Альберт Анисимович откашлялся и заговорил с неожиданным волнением:

- Сергей Игнатьевич, вы мне сильно подмогли. Я вам обязан. Поэтому осмелюсь просить вас - оставьте сию встречу без внимания. Не вникайте. Забудьте, если можете.

- Это почему? Вы точно как Усанков. Тот самый, с кем мы видели.

- Не знаю ваших обстоятельств, но полагаю, что у вас налаженная жизнь, стоит ли вам... Это крайне опасно, уверяю вас.

По-видимому, он говорил из автомата, потому что пискнул сигнал конца разговора.

- Я вас прошу, - заторопился Ильин. - Завтра я буду ровно в пять в Публичке. Там же, в курилке, - он закричал, начальственно перекрывая новый писк. - Никаких отговорок. Договорились?

Голосок Альберта Анисимовича екнул протестующе и оборвался частыми гудками. Ильин ходил из комнаты в комнату, ждал. Молчащий телефон лежал на столе, свернувшись серым комком.

Ильин надел кепку, вышел. У голубого фанерного ларька толпились мужики, те, вечерние последки, что спешат хватануть пивка перед закрытием. Кто добавить, кто запить. После первой кружки Ильина включили в "треугольник", разлили "малыша", добавляя в тепловатое "жигулевское", чокнулись и поехали. Говорили про своих жен, про баб, Ильин захмелел быстрее обычного, потому что хотел захмелеть.

Посреди ночи он проснулся. Кто-то явственно позвал его: "Сергей Игнатьевич!" И еще раз. Он открыл глаза, сел на кровати, свесив ноги. Изредка внизу проезжала машина. Слабые отсветы обегали комнату. В жидкой мгле взблескивали стекла шкафа. То там, то тут поскрипывал паркет, словно кто-то ходил по квартире. От легких занавесей на окнах колыхался неверный сетчатый свет.

"Не вникайте", - звучал в памяти голос Альберта Анисимовича. Почему не стоит? Это как понимать - угроза? Совет? "...стоит ли вам..." Стало заметно подчеркнутое "вам". Значит, именно ему, Ильину. А то он может знать про Ильина? Кто что знает про Сергея Ильина?

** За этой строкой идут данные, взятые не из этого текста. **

(* Let $T$ be an SSYT of skew shape. (a) If $S$ is the result of a row insertion $T\leftarrow k$ (external, or internal from some row) for some positive integer $k$, then the reverse row insertion $S\rightarrow c$ results in $T$, where $c$ is the unique cell that is non-empty in $S$ but empty in $T$. (b) If $S$ is the result of $T\rightarrow c$ for some outside corner $c$ of $T$, and the final entry $k$ of $T\rightarrow c$ lands in row $r\ge0$, then $S\leftarrow_r k$ results in $T$.
   Context: Diagrams are in French notation (rows numbered from the bottom starting at 1; a partition $\lambda$ consists of the cells in column $i$, row $j$ with $1\le i\le\lambda_j$; $\lambda/\mu$ is the set difference). An SSYT of skew shape has positive integer entries weakly increasing left to right in rows and strictly increasing bottom to top in columns. An inside corner of $T$ is a cell with no cell of $T$ immediately below or left of it; an outside corner is a cell with no cell of $T$ immediately above or right of it. Row insertion: to insert $x$ starting at row $j$: if $x$ is weakly larger than all entries of row $j$ (or row $j$ is empty), put $x$ in a new cell at the right end of row $j$ (if the row is empty and the shape is $\alpha/\beta$, in column $\alpha_j+1$) and stop; otherwise replace the entry $y$ of the leftmost cell of row $j$ with entry $>x$ by $x$ and insert $y$ starting at row $j+1$. External insertion $T\leftarrow_0 k$ inserts $k$ starting at row 1. If $T$ has an inside corner in row $r\ge1$ with entry $k$, internal insertion $T\leftarrow_r k$ removes that cell and inserts $k$ starting at row $r+1$. Reverse row insertion $T\rightarrow c$, $c$ an outside corner in row $j$ with entry $k$: delete $c$ and reverse-insert $x=k$ into row $j-1$: if that row index is 0, stop ($x$ lands in row 0); else if $x$ is weakly smaller than all entries of that row $r$, place $x$ in a new cell immediately left of the leftmost cell of row $r$ and stop ($x$ lands in row $r$); else replace the entry $y$ of the rightmost cell of row $r$ with entry $<x$ by $x$ and reverse-insert $y$ into row $r-1$. The value $x$ at termination is the final entry. *)

From mathcomp Require Import all_boot.
Set Implicit Arguments. Unset Strict Implicit. Unset Printing Implicit Defensive.

(* Rows are numbered from 1 (bottom).
   [tb_in] lists beta_1, beta_2, ... and [tb_rows] lists the entries of
   rows 1, 2, ... from left to right (missing items = 0 / empty row).
   Row j occupies the columns beta_j + 1 .. alpha_j, where
   alpha_j = beta_j + size (row j).  The shape alpha/beta is part of the data
   (needed e.g. for insertion into an empty row). *)
Record sktab := SkTab { tb_in : seq nat ; tb_rows : seq (seq nat) }.

Definition inner (T : sktab) (j : nat) : nat := nth 0 (tb_in T) j.-1.
Definition row (T : sktab) (j : nat) : seq nat := nth [::] (tb_rows T) j.-1.
Definition outer (T : sktab) (j : nat) : nat := inner T j + size (row T j).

Словно бы со стороны он увидел себя голым, в трусиках. Ильин удивился тому, какой он обрюзгший, совсем не тот, подтянутый, еще молодцеватый, что изнутри. Печалясь, он рассматривал свое тело, давно утерявшее спортивную форму, отвисший животик, лысеющую голову. Жалость охватила его - впервые перед ним предстал этот человек, который носил его имя, отдельно от него самого, это существо, которое не было уже он сам, потому что он удалился из него и теперь парил, обозревая как бы сверху свое состояние. Видно было, в какую дурацкую историю влезал этот субъект. Он почувствовал, как надвигается нечто темное, опасное, от чего может сломаться весь его с трудом налаженный, обустроенный ритм службы, с поездками в Москву и на Урал, отпусков, вечерних часов у телевизора, за книгой...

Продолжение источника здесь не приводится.